My first thought: god damnit, shit, AHHHH, no, more dishes? Can I say no? Should I say no? No, no, I can't say no, that's not monk-like. But if I said yes, would I be saying yes because I genuinely want to help or because I don't want her to think I'm a spiritless asshole? What's worse, an honest no or a dishonest yes? I need to be my true authentic self, alright, I've got to set boundaries, I should say no. Whatever, your selfish, you hate dishes, The Myth of Sisyphus is stupid, washing dishes sucks, go hiking, life is short. It's SO NICE OUTSIDE. I'm trading songbirds and sunlight for oatmeal-crust and pan-clanging. Why me? Why now?

I finally spoke. "Yeah, no problem at all."

Of course, I had many problems, but I had to. To fully test-drive the monk life. Also, some solipsistic part of my brain told me it was a lesson. A divine test. Do you really believe this relaxed appreciation nonsense you keep talking about? All tasks are the same huh? Show me then.

"Washing dishes is the same as hiking. Washing dishes is the same as hiking. Play with it. Relaxed focus." I walked back to the kitchen repeating this mentally.I excavated a fork out of a pile of unidentifiable grime, tomato juice, and burnt rice, picked up my rusty glob of steel wool, and let go of my attachment to hiking. I forced a smile and got to work, watching the sun slowly leave without me.

With no other option, I put this idea to the test, and at the end of the shift, I felt... peaceful. Not ecstatic, but not at all sad about missing the opportunity to hike. Not upset about the extra work. Just calm.

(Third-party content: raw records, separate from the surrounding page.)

Lemma residue_dth_root (d : nat) a : residue_alg_closed S -> (0 < d)%N ->
  a \is a GRing.unit -> exists r, mx_ideal (r ^+ d * a - 1).
Proof.
move=> S_acl d_gt0 a_unit.
have [|r] := S_acl ('X^d - a^-1%:P) (monicXnsubC _ d_gt0); first by rewrite size_XnsubC.
rewrite !hornerE => r_root; exists r.
have -> : r ^+ d * a - 1 = a * (r ^+ d - a^-1) by rewrite mulrBr mulrV // mulrC.
exact: mx_idealMl.
Qed.

Lemma poly_interpolate_step (l : seq S) b (p : {poly S}) r :
  \prod_(a <- l) (b - a) \is a GRing.unit ->
  exists q : {poly S}, q.[b] = r /\ forall a, a \in l -> q.[a] = p.[a].
Proof.
set pi := \prod_(a <- l) _ => pi_unit.
pose q := p + ((r - p.[b]) / pi) *: \prod_(a <- l) ('X - a%:P).
have qE x : q.[x] = p.[x] + (r - p.[b]) / pi * \prod_(a <- l) (x - a).
  rewrite hornerD hornerZ horner_prod; congr (_ + _ * _).
  by apply: eq_bigr => a _; rewrite hornerXsubC.
exists q; split; first by rewrite qE mulrVK // addrC subrK.
by move=> a a_l; rewrite qE (big_rem a a_l) /= subrr mul0r mulr0 addr0.
Qed.

Hypothesis S_local : local_ring S.

Definition poly_over_mx (p : {poly S}) : Prop := forall i, mx_ideal p`_i.

Lemma poly_over_mx0 : poly_over_mx 0.
Proof. by move=> i; rewrite coef0; apply: mx_ideal0. Qed.

Lemma poly_over_mxC c : mx_ideal c -> poly_over_mx c%:P.
Proof. by move=> c_m i; rewrite coefC; case: eqP => // _; apply: mx_ideal0. Qed.

Lemma poly_over_mxD p q : poly_over_mx p -> poly_over_mx q -> poly_over_mx (p + q).
Proof. by move=> p_m q_m i; rewrite coefD; apply: mx_idealD. Qed.

Lemma poly_over_mxB p q : poly_over_mx p -> poly_over_mx q -> poly_over_mx (p - q).
Proof. by move=> p_m q_m i; rewrite coefB; apply: mx_idealB. Qed.

Lemma poly_over_mxMl p q : poly_over_mx p -> poly_over_mx (q * p).
Proof.
move=> p_m i; rewrite coefM; apply: (big_ind mx_ideal) => //.
- exact: mx_ideal0.
- exact: mx_idealD.
by move=> j _; apply: mx_idealMl.
Qed.

Lemma poly_over_mxMr p q : poly_over_mx p -> poly_over_mx (p * q).
Proof. by rewrite mulrC; apply: poly_over_mxMl. Qed.

Hypothesis S_acl : residue_alg_closed S.

Lemma monic_split_mod_mx p : p \is monic ->
  exists l, poly_over_mx (p - \prod_(a <- l) ('X - a%:P)).
Proof.
have [N] := ubnP (size p); elim: N p => // N IHN p; rewrite ltnS => size_p p_monic.
have [size_p1 | size_p_gt1] := leqP (size p) 1.
  move/monicP: p_monic; rewrite (size1_polyC size_p1) lead_coefC => ->.
  by exists [::]; rewrite big_nil subrr; apply: poly_over_mx0.
have [a pa_m] := S_acl p_monic size_p_gt1.
set q := p - p.[a]%:P.
have /factor_theorem[q' eq_q] : root q a by rewrite /root !hornerE subrr.
have small_pa : (size (- p.[a]%:P) < size p)%N.
  by rewrite size_polyN (leq_ltn_trans (size_polyC_leq1 _)).
have size_q : size q = size p by rewrite size_polyDl.
have q_monic : q \is monic by rewrite monicE lead_coefDl // -monicE.
have q'_monic : q' \is monic by rewrite -(monicMr q' (monicXsubC a)) -eq_q.
have size_q' : (size q' < N)%N.
  apply: leq_trans size_p; rewrite -size_q eq_q size_Mmonic ?monicXsubC ?monic_neq0 //.
  by rewrite size_XsubC addn2.
have [l l_split] := IHN q' size_q' q'_monic; exists (a :: l).
have -> : p = q' * ('X - a%:P) + p.[a]%:P by rewrite -eq_q subrK.
rewrite big_cons; set P := \prod_(j <- l) _ in l_split *.
have -> : q' * ('X - a%:P) + p.[a]%:P - ('X - a%:P) * P
    = (q' - P) * ('X - a%:P) + p.[a]%:P by ring.
by apply: poly_over_mxD; [apply: poly_over_mxMr | apply: poly_over_mxC].
Qed.

Lemma poly_dth_root_mod (d : nat) (l : seq S) : (0 < d)%N ->
  (forall a, a \in l -> a \is a GRing.unit) ->
  exists p : {poly S}, forall a, a \in l -> mx_ideal (p.[a] ^+ d * a - 1).
Proof.
move=> d_gt0; elim: l => [|b l IHl] l_unit; first by exists 0.
have [p p_root] : exists p : {poly S}, forall a, a \in l -> mx_ideal (p.[a] ^+ d * a - 1).
  by apply: IHl => a a_l; apply: l_unit; rewrite in_cons a_l orbT.
have b_unit : b \is a GRing.unit by apply: l_unit; rewrite mem_head.
have [/allP b_far | /allPn[c c_l bc_m]] := boolP (all (fun a => b - a \is a GRing.unit) l).
  have [r r_root] := residue_dth_root S_acl d_gt0 b_unit.
  have [|q [qb qa]] := @poly_interpolate_step l b p r.
    by apply: unitr_prod_in => a /b_far.
  by exists q => a /predU1P[-> | a_l]; rewrite ?qb ?qa //; apply: p_root.
exists p => a /predU1P[-> | a_l]; last exact: p_root.
have := horner_congr_mx (p ^+ d * 'X) bc_m; rewrite !hornerE => pb_pc.
have -> : p.[b] ^+ d * b - 1 = (p.[b] ^+ d * b - p.[c] ^+ d * c) + (p.[c] ^+ d * c - 1).
  by rewrite addrA subrK.
exact/mx_idealD/p_root.
Qed.

Lemma poly_pow_split_mod (g : {poly S}) (l : seq S) :
  (forall a, a \in l -> mx_ideal g.[a]) ->
  exists h, poly_over_mx (g ^+ size l - \prod_(a <- l) ('X - a%:P) * h).
Proof.
elim: l => [|a l IHl] g_roots.
  by exists 1; rewrite big_nil expr0 mulr1 subrr; apply: poly_over_mx0.
have [h h_split] : exists h, poly_over_mx (g ^+ size l - \prod_(b <- l) ('X - b%:P) * h).
  by apply: IHl => b b_l; apply: g_roots; rewrite in_cons b_l orbT.
have /factor_theorem[q eq_q] : root (g - g.[a]%:P) a by rewrite /root !hornerE subrr.
exists (q * h); rewrite big_cons /= exprS.
set P := \prod_(b <- l) _ in h_split *; set E := g ^+ size l - P * h in h_split.
have -> : g ^+ size l = P * h + E by rewrite /E addrC subrK.
have -> : g = q * ('X - a%:P) + g.[a]%:P by rewrite -eq_q subrK.
have -> : (q * ('X - a%:P) + g.[a]%:P) * (P * h + E) - ('X - a%:P) * P * (q * h)
    = g.[a]%:P * (P * h) + (q * ('X - a%:P) + g.[a]%:P) * E by ring.
apply: poly_over_mxD; last exact: poly_over_mxMl.
by apply/poly_over_mxMr/poly_over_mxC/g_roots; rewrite mem_head.
Qed.

End ResiduePolynomials.

Lemma expr1Dn_sq (R : comNzRingType) (m : nat) (y : R) :
  exists w, (1 + y) ^+ m = 1 + m%:R * y + y ^+ 2 * w.
Proof.
elim: m => [|m [w IHm]]; first by exists 0; rewrite expr0 mul0r mulr0 !addr0.
by exists (m%:R + w + w * y); rewrite exprSr IHm mulrSr; ring.
Qed.

Section NewtonIteration.
Variables (R : comNzRingType) (d : nat) (c x : R).
Hypothesis dc1 : d%:R * c = 1.

Definition dth_root_defect u := 1 - u ^+ d * x.

Definition newton_step u := u * (1 + c * dth_root_defect u).

Lemma newton_stepB u : newton_step u - u = u * c * dth_root_defect u.
Proof. by rewrite /newton_step; ring. Qed.

Lemma dth_root_defect_newton_step u :
  exists w, dth_root_defect (newton_step u) = dth_root_defect u ^+ 2 * w.
Proof.
set e := dth_root_defect u; have [w binom] := expr1Dn_sq d (c * e).
have ud : u ^+ d * x = 1 - e by rewrite /e /dth_root_defect opprB addrC subrK.
exists (1 - c ^+ 2 * w + e * c ^+ 2 * w).
rewrite /newton_step {1}/dth_root_defect exprMn mulrAC ud binom.
rewrite [d%:R * _]mulrA dc1; ring.
Qed.

Lemma dth_root_defect_newton u k :
  exists w, dth_root_defect (iter k newton_step u) = dth_root_defect u ^+ k.+1 * w.
Proof.
elim: k => [|k [v IHk]]; first by exists 1; rewrite mulr1 expr1.
have [w ->] := dth_root_defect_newton_step (iter k newton_step u).
by exists (dth_root_defect u ^+ k * v ^+ 2 * w); rewrite IHk !exprS; ring.
Qed.

End NewtonIteration.

Section MatrixIdealPowers.
Variables (S : comUnitRingType) (n : nat).

Definition mx_in_pow k (A : 'M[S]_n.+1) : Prop := forall i j, mx_pow k (A i j).

Lemma mx_in_pow_zero k : mx_in_pow k 0.
Proof. by move=> i j; rewrite mxE; apply: mx_pow_zero. Qed.

Lemma mx_in_powD k A B : mx_in_pow k A -> mx_in_pow k B -> mx_in_pow k (A + B).
Proof. by move=> Ak Bk i j; rewrite mxE; apply: mx_powD. Qed.

Lemma mx_in_powB k A B : mx_in_pow k A -> mx_in_pow k B -> mx_in_pow k (A - B).
Proof. by move=> Ak Bk i j; rewrite !mxE; apply: mx_powB. Qed.

Lemma mx_in_powM a b A B :
  mx_in_pow a A -> mx_in_pow b B -> mx_in_pow (a + b) (A * B).
Proof.
by move=> Aa Bb i j; rewrite -mulmxE mxE; apply: mx_pow_sum => l _; apply: mx_powM.
Qed.

Lemma mx_in_powMl k A B : mx_in_pow k A -> mx_in_pow k (B * A).
Proof.
by move=> Ak i j; rewrite -mulmxE mxE; apply: mx_pow_sum => l _; apply: mx_powMl.
Qed.

Lemma mx_in_powMr k A B : mx_in_pow k A -> mx_in_pow k (A * B).
Proof.
by move=> Ak i j; rewrite -mulmxE mxE; apply: mx_pow_sum => l _; apply: mx_powMr.
Qed.

Lemma mx_in_powX a A m : mx_in_pow a A -> mx_in_pow (a * m) (A ^+ m).
Proof.
move=> Aa; elim: m => [|m IHm]; first by move=> i j; rewrite muln0.
by rewrite exprSr mulnS addnC; apply: mx_in_powM.
Qed.

Lemma mx_in_pow_le k l A : (k <= l)%N -> mx_in_pow l A -> mx_in_pow k A.
Proof. by move=> le_kl Al i j; apply: mx_pow_le (Al i j). Qed.

Lemma mx_in_pow_subX k A B m : mx_in_pow k (A - B) -> mx_in_pow k (A ^+ m - B ^+ m).
Proof.
move=> ABk; elim: m => [|m IHm]; first by rewrite subrr; apply: mx_in_pow_zero.
have -> : A ^+ m.+1 - B ^+ m.+1 = A * (A ^+ m - B ^+ m) + (A - B) * B ^+ m.
  by rewrite !exprS mulrBr mulrBl addrA subrK.
by apply: mx_in_powD; [apply: mx_in_powMl | apply: mx_in_powMr].
Qed.

Lemma mx_in_pow1_horner (A : 'M[S]_n.+1) q : poly_over_mx q -> mx_in_pow 1 (horner_mx A q).
Proof.
move=> q_m i j; rewrite -[q]coefK poly_def rmorph_sum summxE.
apply: mx_pow_sum => l _; change (mx_pow 1 (horner_mx A (q`_l *: 'X^l) i j)).
by rewrite horner_mxZ mxE; apply: mx_pow_mx_ideal.
Qed.

Lemma mx_in_pow_eq0 A : (forall x : S, (forall k, mx_pow k x) -> x = 0) ->
  (forall k, mx_in_pow k A) -> A = 0.
Proof.
by move=> S_sep Ak; apply/matrixP => i j; rewrite mxE; apply: S_sep => k; apply: Ak.
Qed.

Lemma mx_in_pow_limit (u : nat -> 'M[S]_n.+1) : complete_local S ->
  (forall k, mx_in_pow k (u k.+1 - u k)) ->
  exists A, forall k, mx_in_pow k (A - u k).
Proof.
case=> _ S_complete u_cauchy.
have [F F_lim] : exists F : 'I_n.+1 * 'I_n.+1 -> S,
    forall ij k, mx_pow k (F ij - u k ij.1 ij.2).
  apply: (@fin_all_exists _ (fun=> S) (fun ij x => forall k, mx_pow k (x - u k ij.1 ij.2))).
  by case=> i j; apply: S_complete => k; have := u_cauchy k i j; rewrite !mxE.
by exists (\matrix_(i, j) F (i, j)) => k i j; rewrite !mxE; apply: F_lim.
Qed.

End MatrixIdealPowers.

Section MatrixDthRoot.
Variables (S : comUnitRingType) (n d : nat).
Hypotheses (S_local : local_ring S) (S_acl : residue_alg_closed S).
Hypotheses (S_complete : complete_local S) (d_unit : (d%:R : S) \is a GRing.unit).
Variable sigma : 'M[S]_n.+1.
Hypothesis sigma_unit : sigma \is a GRing.unit.
Local Notation mx_ideal := (@Defs.mx_ideal S).

Let c : {poly S} := (d%:R^-1)%:P.

Let dc1 : d%:R * c = 1.
Proof. by rewrite -(rmorph_nat (@polyC S)) -polyCM mulrV. Qed.

Local Notation defect := (dth_root_defect d 'X).
Local Notation newton := (newton_step d c 'X).

Lemma horner_mx_defect U : horner_mx sigma (defect U) = 1 - horner_mx sigma U ^+ d * sigma.
Proof. by rewrite rmorphB rmorph1 rmorphM rmorphXn /= horner_mx_X. Qed.

Lemma char_poly_split_roots_unit l :
  poly_over_mx (char_poly sigma - \prod_(a <- l) ('X - a%:P)) ->
  forall a, a \in l -> a \is a GRing.unit.
Proof.
move=> sigma_split a a_l; have := sigma_split 0%N; rewrite coefB char_poly_det => split0.
have det_unit : (-1) ^+ n.+1 * \det sigma \is a GRing.unit.
  by rewrite unitrM unitrX ?unitrN1 // -unitmxE.
have := unitrBmx S_local det_unit split0.
rewrite opprB addrC subrK -horner_coef0 horner_prod.
under eq_bigr do rewrite hornerXsubC sub0r.
by move/unitr_prodP/(_ a a_l isT); rewrite unitrN.
Qed.

Lemma horner_mx_split_pow l g :
  poly_over_mx (char_poly sigma - \prod_(a <- l) ('X - a%:P)) ->
  (forall a, a \in l -> mx_ideal g.[a]) -> mx_in_pow 1 (horner_mx sigma g ^+ size l).
Proof.
set P := \prod_(a <- l) _ => sigma_split g_roots.
have [h gh] := poly_pow_split_mod S_local g_roots.
have : poly_over_mx (g ^+ size l - char_poly sigma * h).
  have -> : g ^+ size l - char_poly sigma * h
      = (g ^+ size l - P * h) - (char_poly sigma - P) * h by ring.
  exact/(poly_over_mxB S_local)/poly_over_mxMr.
move/(mx_in_pow1_horner sigma).
by rewrite rmorphB rmorphM /= Cayley_Hamilton mul0r subr0 rmorphXn.
Qed.

Lemma mx_dth_root_mod : exists U, mx_in_pow 1 (horner_mx sigma (defect U)).
Proof.
have [l sigma_split] := monic_split_mod_mx S_local S_acl (char_poly_monic sigma).
have d_gt0 : (0 < d)%N by rewrite lt0n; apply: contraTneq d_unit => ->; rewrite unitr0.
have [p p_root] := poly_dth_root_mod S_local S_acl d_gt0
  (char_poly_split_roots_unit sigma_split).
have defect_p : mx_in_pow 1 (horner_mx sigma (defect p) ^+ size l).
  apply: horner_mx_split_pow sigma_split _ => a a_l.
  by rewrite /dth_root_defect !hornerE -opprB; apply/mx_idealN/p_root.
exists (iter (size l) newton p); have [w ->] := dth_root_defect_newton 'X dc1 p (size l).
by rewrite rmorphM rmorphXn exprSr; apply/mx_in_powMr/mx_in_powMr.
Qed.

The same calm I feel at the end of a hike.

The People

"Uh, you come here often?" Terrible bar icebreaker, but great for ashrams.

I'd sit down with new people at lunch and within minutes be thrust into their alcoholic past or mid-life crisis or transcendental experiences. I'm an open book who loves open books, so this was perfect.

In the kitchen, I met a gray haired documentary trekker-filmmaker, who lugged his camera equipment through the Himalayas, now working on a movie about an Indian classical singer. I met an ex-graphics programmer turned "ethereal artist" who meditated throughout the night instead of sleeping. I met a few people that really seemed to treat all life as a moving meditation, bringing relaxed appreciation to all activities, whether it be yoga or brushing teeth-- and I learned both through the example they set and the stories they told.

Update from 2022

I returned to the ashram a few months later. I piling up my plate for dinner, burnt out from scrubbing, when one of the long-time employees looked at me and said 'are you feeling it?', a total non-sequiter. The next minute, I felt this beautiful sensation, like I was swimming through the world, so vivid and smooth. It was impossible not to smile, impossible not to be joyful, it was psychedelic, almost, I was pulled way out of my mind. I don't know what it was (the seLF? the sElf?), but in the three years since 2019, I've felt a similar experience a rare few times. Each was a result of Ramana Maharishi's Who Am I inquiry. Special place, special person, I truly believe it.